Default font in virtual console can display only ASCII characters. If you use other characters you can change the CONSOLEFONT and CONSOLEMAP settings in your /etc/rc.conf file. Different fonts can be found in /usr/share/kbd/consolefonts directory and key maps can be found in the subdirectories of /usr/share/kbd/keymaps.

Examples

For displaying characters like "č ć ž đ š" use lat2-16.psfu.gz font:

CONSOLEFONT="lat2-16.psfu.gz"

Also, don't forget to set the proper key map, in this case:

CONSOLEMAP="8859-2"

To use the specified font in early userspace (early in the bootup process), add the 'keymap' hook to /etc/mkinitcpio.conf and rebuild the image. See the Mkinitcpio article for more information.

Fonts with LCD filter enabled

"LCD" packages

Install patched packages

Remove the original packages:

pacman -Rd libxft cairo

Install the patched packages from AUR unsupported (ex. using yaourt):

yaourt -S fontconfig-lcd
yaourt -S cairo-lcd

Install the patched packages from [community]:

pacman -S libxft-lcd

Reboot your system.

Note: if you want, you can simply revert to the original packages entering

pacman -Rd libxft-lcd cairo-lcd fontconfig-lcd
pacman -S libxft cairo

Change filter configuration

The "fontconfig-lcd" package enables by default the "lcddefault" filter. You can edit the /etc/fonts/conf.avail/10-lcd-filter.conf file and replace it with another filter.
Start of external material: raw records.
Definition y_data : seq (nat * nat * seq (seq nat)) := [::
 (0, 1, [::
    [:: 0; 1; 2; 3; 4; 5]; [:: 0; 1; 3; 2; 4; 5]; [:: 0; 4; 1; 2; 3; 5];
    [:: 0; 4; 1; 3; 2; 5]; [:: 0; 4; 5; 1; 2; 3]; [:: 0; 4; 5; 1; 3; 2];
    [:: 2; 4; 5; 0; 1; 3]; [:: 2; 5; 0; 1; 3; 4]; [:: 2; 5; 0; 1; 4; 3];
    [:: 2; 5; 0; 4; 1; 3]; [:: 4; 0; 1; 2; 3; 5]; [:: 4; 0; 1; 3; 2; 5];
    [:: 4; 0; 2; 1; 3; 5]; [:: 4; 0; 5; 1; 3; 2]; [:: 4; 0; 5; 2; 1; 3];
    [:: 4; 2; 0; 1; 3; 5]; [:: 4; 2; 5; 0; 1; 3]; [:: 4; 5; 0; 1; 2; 3];
    [:: 4; 5; 0; 2; 1; 3]]);
 (0, 2, [::
    [:: 0; 1; 2; 3; 4; 5]; [:: 0; 1; 4; 2; 3; 5]; [:: 0; 1; 5; 2; 3; 4];
    [:: 0; 1; 5; 2; 4; 3]; [:: 2; 0; 1; 3; 4; 5]; [:: 2; 0; 1; 4; 3; 5];
    [:: 2; 0; 5; 1; 4; 3]; [:: 2; 3; 0; 1; 4; 5]; [:: 2; 5; 0; 1; 4; 3];
    [:: 3; 0; 2; 1; 4; 5]; [:: 3; 0; 5; 1; 2; 4]; [:: 3; 0; 5; 2; 1; 4];
    [:: 3; 5; 0; 1; 2; 4]; [:: 3; 5; 0; 2; 1; 4]; [:: 3; 5; 2; 0; 1; 4]]);
 (0, 3, [::
    [:: 0; 3; 1; 2; 4; 5]; [:: 0; 4; 1; 3; 2; 5]; [:: 0; 4; 3; 1; 2; 5];
    [:: 0; 4; 5; 1; 2; 3]; [:: 0; 4; 5; 1; 3; 2]; [:: 0; 4; 5; 3; 1; 2];
    [:: 3; 0; 1; 4; 2; 5]; [:: 3; 0; 5; 1; 2; 4]; [:: 3; 4; 0; 1; 2; 5];
    [:: 3; 4; 5; 0; 1; 2]; [:: 3; 5; 0; 1; 4; 2]; [:: 3; 5; 0; 4; 1; 2];
    [:: 4; 0; 1; 3; 2; 5]; [:: 4; 0; 5; 1; 3; 2]; [:: 4; 0; 5; 3; 1; 2];
    [:: 4; 3; 5; 0; 1; 2]; [:: 4; 5; 0; 1; 2; 3]; [:: 4; 5; 0; 1; 3; 2];
    [:: 4; 5; 0; 3; 1; 2]]);
 (0, 4, [::
    [:: 3; 0; 1; 2; 4; 5]; [:: 3; 0; 1; 4; 2; 5]; [:: 3; 2; 0; 1; 5; 4];
    [:: 4; 0; 1; 2; 3; 5]; [:: 4; 0; 1; 3; 2; 5]]);
 (0, 5, [::
    [:: 2; 3; 5; 0; 4; 1]; [:: 2; 4; 0; 1; 3; 5]; [:: 2; 5; 0; 1; 3; 4];
    [:: 2; 5; 0; 1; 4; 3]; [:: 2; 5; 0; 3; 1; 4]; [:: 2; 5; 0; 3; 4; 1];
    [:: 2; 5; 0; 4; 1; 3]; [:: 2; 5; 0; 4; 3; 1]; [:: 2; 5; 3; 0; 1; 4];
    [:: 2; 5; 3; 0; 4; 1]; [:: 2; 5; 3; 4; 0; 1]; [:: 4; 2; 0; 1; 3; 5];
    [:: 4; 5; 0; 1; 2; 3]; [:: 4; 5; 0; 2; 1; 3]; [:: 4; 5; 0; 2; 3; 1];
    [:: 4; 5; 2; 0; 3; 1]; [:: 4; 5; 2; 3; 0; 1]]);
 (0, 6, [::
    [:: 2; 0; 1; 3; 4; 5]; [:: 2; 0; 1; 4; 3; 5]; [:: 2; 0; 4; 1; 3; 5];
    [:: 2; 0; 4; 3; 1; 5]; [:: 2; 0; 5; 1; 4; 3]; [:: 2; 0; 5; 4; 1; 3];
    [:: 2; 3; 0; 4; 1; 5]; [:: 2; 3; 4; 0; 1; 5]; [:: 2; 3; 5; 0; 4; 1];
    [:: 2; 5; 0; 1; 4; 3]; [:: 2; 5; 0; 4; 1; 3]; [:: 2; 5; 4; 0; 1; 3];
    [:: 3; 2; 0; 1; 4; 5]; [:: 3; 2; 5; 0; 4; 1]; [:: 3; 5; 2; 0; 4; 1];
    [:: 3; 5; 2; 4; 0; 1]]);
 (0, 7, [::
    [:: 0; 1; 3; 2; 4; 5]; [:: 2; 4; 3; 0; 1; 5]; [:: 4; 0; 3; 1; 2; 5];
    [:: 4; 0; 3; 2; 1; 5]; [:: 4; 2; 3; 0; 1; 5]]);
 (0, 8, [::
    [:: 0; 1; 4; 2; 3; 5]; [:: 3; 2; 0; 1; 4; 5]; [:: 3; 2; 0; 4; 1; 5]]);
 (1, 2, [::
    [:: 0; 1; 2; 3; 4; 5]; [:: 0; 1; 5; 2; 3; 4]; [:: 0; 1; 5; 3; 2; 4];
    [:: 0; 3; 1; 2; 4; 5]; [:: 0; 3; 2; 1; 4; 5]; [:: 0; 3; 2; 4; 1; 5];
    [:: 0; 3; 4; 1; 2; 5]; [:: 0; 3; 5; 1; 4; 2]; [:: 0; 3; 5; 2; 1; 4];
    [:: 0; 3; 5; 2; 4; 1]; [:: 0; 3; 5; 4; 2; 1]; [:: 0; 5; 1; 2; 3; 4];
    [:: 0; 5; 1; 3; 2; 4]; [:: 0; 5; 2; 1; 3; 4]; [:: 0; 5; 2; 3; 1; 4];
    [:: 0; 5; 2; 3; 4; 1]; [:: 0; 5; 3; 1; 2; 4]; [:: 0; 5; 3; 2; 1; 4];
    [:: 0; 5; 3; 2; 4; 1]; [:: 0; 5; 3; 4; 2; 1]; [:: 2; 0; 1; 3; 4; 5];
    [:: 2; 0; 3; 1; 4; 5]; [:: 2; 0; 3; 4; 1; 5]]);
 (1, 3, [::
    [:: 0; 1; 2; 4; 3; 5]; [:: 0; 1; 3; 4; 2; 5]; [:: 0; 1; 5; 2; 3; 4];
    [:: 0; 1; 5; 3; 2; 4]; [:: 0; 3; 1; 4; 2; 5]; [:: 0; 3; 5; 1; 2; 4];
    [:: 0; 4; 1; 2; 3; 5]; [:: 0; 4; 1; 3; 2; 5]; [:: 0; 4; 3; 1; 2; 5];
    [:: 0; 4; 5; 1; 2; 3]; [:: 0; 4; 5; 1; 3; 2]; [:: 0; 4; 5; 3; 1; 2];
    [:: 0; 5; 1; 2; 4; 3]; [:: 0; 5; 1; 3; 4; 2]; [:: 0; 5; 1; 4; 2; 3];
    [:: 0; 5; 1; 4; 3; 2]; [:: 0; 5; 3; 1; 4; 2]; [:: 0; 5; 3; 4; 1; 2];
    [:: 1; 0; 2; 3; 4; 5]; [:: 1; 0; 3; 2; 4; 5]; [:: 1; 4; 0; 2; 3; 5];
    [:: 1; 4; 0; 3; 2; 5]; [:: 1; 4; 5; 0; 2; 3]; [:: 1; 4; 5; 0; 3; 2];
    [:: 4; 0; 1; 2; 3; 5]; [:: 4; 0; 1; 3; 2; 5]; [:: 4; 0; 5; 1; 3; 2];
    [:: 4; 0; 5; 3; 1; 2]; [:: 4; 1; 0; 2; 3; 5]; [:: 4; 1; 0; 3; 2; 5];
    [:: 4; 1; 5; 0; 2; 3]; [:: 4; 1; 5; 0; 3; 2]; [:: 4; 5; 0; 1; 2; 3];
    [:: 4; 5; 0; 1; 3; 2]; [:: 4; 5; 0; 3; 1; 2]]);
 (1, 4, [::
    [:: 0; 1; 3; 2; 4; 5]; [:: 0; 1; 3; 4; 2; 5]; [:: 0; 1; 5; 2; 4; 3];
    [:: 0; 1; 5; 4; 2; 3]; [:: 0; 2; 1; 3; 5; 4]; [:: 0; 2; 1; 5; 3; 4];
    [:: 0; 2; 3; 1; 5; 4]; [:: 0; 3; 1; 4; 2; 5]; [:: 4; 0; 1; 2; 3; 5];
    [:: 4; 0; 1; 3; 2; 5]]);
 (1, 5, [::
    [:: 0; 2; 5; 1; 4; 3]; [:: 0; 2; 5; 3; 4; 1]; [:: 0; 4; 1; 2; 3; 5];
    [:: 0; 4; 5; 1; 2; 3]; [:: 0; 5; 1; 2; 3; 4]; [:: 0; 5; 1; 2; 4; 3];
    [:: 0; 5; 1; 4; 2; 3]; [:: 0; 5; 2; 1; 3; 4]; [:: 0; 5; 2; 1; 4; 3];
    [:: 0; 5; 2; 3; 1; 4]; [:: 0; 5; 2; 3; 4; 1]; [:: 0; 5; 2; 4; 1; 3];
    [:: 0; 5; 2; 4; 3; 1]; [:: 4; 0; 1; 2; 3; 5]; [:: 4; 0; 5; 1; 2; 3];
    [:: 4; 5; 0; 1; 2; 3]; [:: 4; 5; 0; 2; 1; 3]; [:: 4; 5; 0; 2; 3; 1]]);
 (1, 6, [::
    [:: 0; 2; 1; 3; 4; 5]; [:: 0; 2; 3; 1; 4; 5]; [:: 0; 2; 5; 1; 4; 3];
    [:: 0; 2; 5; 3; 4; 1]; [:: 0; 5; 2; 1; 4; 3]; [:: 0; 5; 2; 3; 4; 1];
    [:: 0; 5; 2; 4; 1; 3]; [:: 0; 5; 2; 4; 3; 1]; [:: 2; 0; 1; 4; 3; 5];
    [:: 2; 0; 3; 4; 1; 5]; [:: 2; 0; 4; 1; 3; 5]; [:: 2; 0; 4; 3; 1; 5];
    [:: 2; 0; 5; 1; 4; 3]; [:: 2; 0; 5; 3; 4; 1]]);
 (1, 8, [::
    [:: 0; 2; 1; 3; 4; 5]; [:: 0; 2; 1; 4; 3; 5]; [:: 0; 2; 3; 1; 4; 5];
    [:: 0; 2; 3; 4; 1; 5]; [:: 0; 3; 4; 1; 2; 5]]);
 (2, 3, [::
    [:: 0; 1; 2; 3; 4; 5]; [:: 0; 1; 3; 2; 4; 5]; [:: 0; 1; 3; 4; 2; 5];
    [:: 0; 1; 4; 2; 3; 5]; [:: 0; 1; 5; 2; 3; 4]; [:: 0; 1; 5; 4; 2; 3];
    [:: 0; 3; 1; 2; 4; 5]; [:: 0; 3; 1; 4; 2; 5]; [:: 0; 3; 5; 1; 2; 4];
    [:: 0; 4; 1; 2; 3; 5]; [:: 0; 5; 1; 2; 3; 4]; [:: 0; 5; 1; 2; 4; 3];
    [:: 0; 5; 1; 3; 2; 4]; [:: 0; 5; 1; 3; 4; 2]; [:: 0; 5; 1; 4; 2; 3];
    [:: 0; 5; 1; 4; 3; 2]; [:: 0; 5; 3; 1; 2; 4]; [:: 0; 5; 3; 1; 4; 2];
    [:: 0; 5; 3; 4; 1; 2]; [:: 1; 0; 2; 3; 4; 5]; [:: 1; 0; 4; 2; 3; 5];
    [:: 1; 0; 5; 2; 3; 4]; [:: 1; 0; 5; 2; 4; 3]]);
 (2, 4, [::
    [:: 0; 1; 4; 2; 3; 5]; [:: 0; 1; 4; 3; 2; 5]; [:: 0; 1; 5; 2; 3; 4];
    [:: 0; 1; 5; 3; 2; 4]; [:: 0; 3; 1; 2; 4; 5]; [:: 0; 3; 1; 4; 2; 5];
    [:: 0; 4; 1; 3; 2; 5]]);
 (2, 5, [::
    [:: 0; 2; 1; 3; 4; 5]; [:: 0; 2; 4; 1; 3; 5]; [:: 0; 2; 5; 1; 3; 4];
    [:: 0; 2; 5; 1; 4; 3]; [:: 0; 4; 1; 2; 3; 5]; [:: 0; 4; 5; 1; 2; 3];
    [:: 0; 5; 1; 2; 3; 4]; [:: 0; 5; 1; 2; 4; 3]; [:: 0; 5; 1; 4; 2; 3];
    [:: 0; 5; 2; 1; 4; 3]; [:: 0; 5; 2; 4; 1; 3]; [:: 2; 0; 1; 3; 4; 5];
    [:: 2; 0; 4; 1; 3; 5]; [:: 2; 0; 5; 1; 3; 4]; [:: 2; 0; 5; 1; 4; 3]]);
 (2, 6, [::
    [:: 0; 1; 2; 3; 4; 5]; [:: 0; 1; 2; 4; 3; 5]; [:: 0; 1; 5; 2; 4; 3];
    [:: 0; 5; 1; 2; 4; 3]; [:: 0; 5; 2; 1; 4; 3]; [:: 0; 5; 2; 4; 1; 3]]);
 (2, 7, [::
    [:: 0; 1; 3; 2; 4; 5]; [:: 0; 1; 3; 4; 2; 5]; [:: 0; 2; 3; 1; 4; 5];
    [:: 0; 2; 3; 4; 1; 5]; [:: 0; 4; 3; 1; 2; 5]; [:: 2; 0; 3; 1; 4; 5];
    [:: 2; 0; 3; 4; 1; 5]]);
 (3, 4, [::
    [:: 0; 1; 2; 3; 5; 4]; [:: 0; 1; 2; 5; 3; 4]; [:: 0; 1; 3; 2; 5; 4]]);
 (3, 7, [::
    [:: 0; 1; 3; 4; 2; 5]; [:: 1; 0; 3; 2; 4; 5]]);
 (3, 8, [::
    [:: 0; 1; 2; 3; 4; 5]; [:: 0; 1; 2; 4; 3; 5]; [:: 0; 1; 3; 2; 4; 5];
    [:: 0; 1; 3; 4; 2; 5]; [:: 0; 1; 4; 2; 3; 5]; [:: 1; 0; 4; 2; 3; 5]]);
 (4, 5, [::
    [:: 0; 1; 2; 3; 4; 5]; [:: 0; 1; 2; 3; 5; 4]; [:: 0; 1; 2; 4; 3; 5];
    [:: 0; 1; 2; 5; 3; 4]; [:: 0; 2; 1; 3; 4; 5]; [:: 2; 0; 1; 3; 4; 5]]);
 (4, 6, [::
    [:: 0; 1; 2; 3; 4; 5]; [:: 0; 1; 2; 4; 3; 5]; [:: 0; 1; 5; 2; 4; 3];
    [:: 0; 2; 1; 3; 4; 5]; [:: 2; 0; 1; 3; 4; 5]]);
 (5, 8, [::
    [:: 0; 1; 2; 3; 4; 5]; [:: 0; 1; 2; 4; 3; 5]; [:: 0; 2; 4; 1; 3; 5];
    [:: 2; 0; 4; 1; 3; 5]]);
 (6, 7, [::
    [:: 0; 2; 3; 1; 4; 5]; [:: 2; 0; 3; 4; 1; 5]])].

Definition ungroup (G : seq (int * seq (seq nat))) : word_sum :=
  [seq (c.1, g) | c <- G, g <- c.2].

Definition x_words (e : nat) : word_sum := ungroup (nth [::] x_data e).

Definition y_words (e f : nat) : word_sum :=
  ungroup [seq (1%Z, p.2) | p <- y_data & p.1 == (e, f)].

Definition psi_pairs : seq (seq (nat * nat)) :=
  [:: [::]; [:: (0, 1)]; [:: (0, 2)]; [:: (0, 1)]; [:: (1, 3)]; [:: (0, 2); (1, 2)];
      [::]; [::]; [::]].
  • New filter, fontconfig-lcd default
 <const>lcddefault</const>
  • None
 <const>lcdnone</const>
  • Lighter filter, less aggressive
 <const>lcdlight</const>
  • Legacy filter, cairo default
 <const>lcdlegacy</const>

Alternative with "ClearType" packages

There are more effects for fonts from Windows system, this method of beautifying fonts has been tested with GNOME/Xfce/KDE.

Remove Packages:

pacman -Rd cairo libxft freetype2

Install Packages

Install the package cairo-cleartype, libxft-cleartype, freetype2-cleartype from AUR

Search "cairo-cleartype", "libxft-cleartype", "freetype2-cleartype" in AUR, download all these tarballs, extract them, and compile them with makepkg, install them with

pacman -U *-cleartype*.pkg.tar.gz

Restart X11 (ctrl+alt+backspace)

OR if you have yaourt installed:

yaourt -S cairo-cleartype freetype2-cleartype libxft-cleartype

Configuration

FreeType autohinter (optional)

You can set the FreeType autohinter. As root :

ln -s /etc/fonts/conf.avail/10-autohint.conf /etc/fonts/conf.d/10-autohint.conf

Disable Unattractive Bitmap Fonts (optional)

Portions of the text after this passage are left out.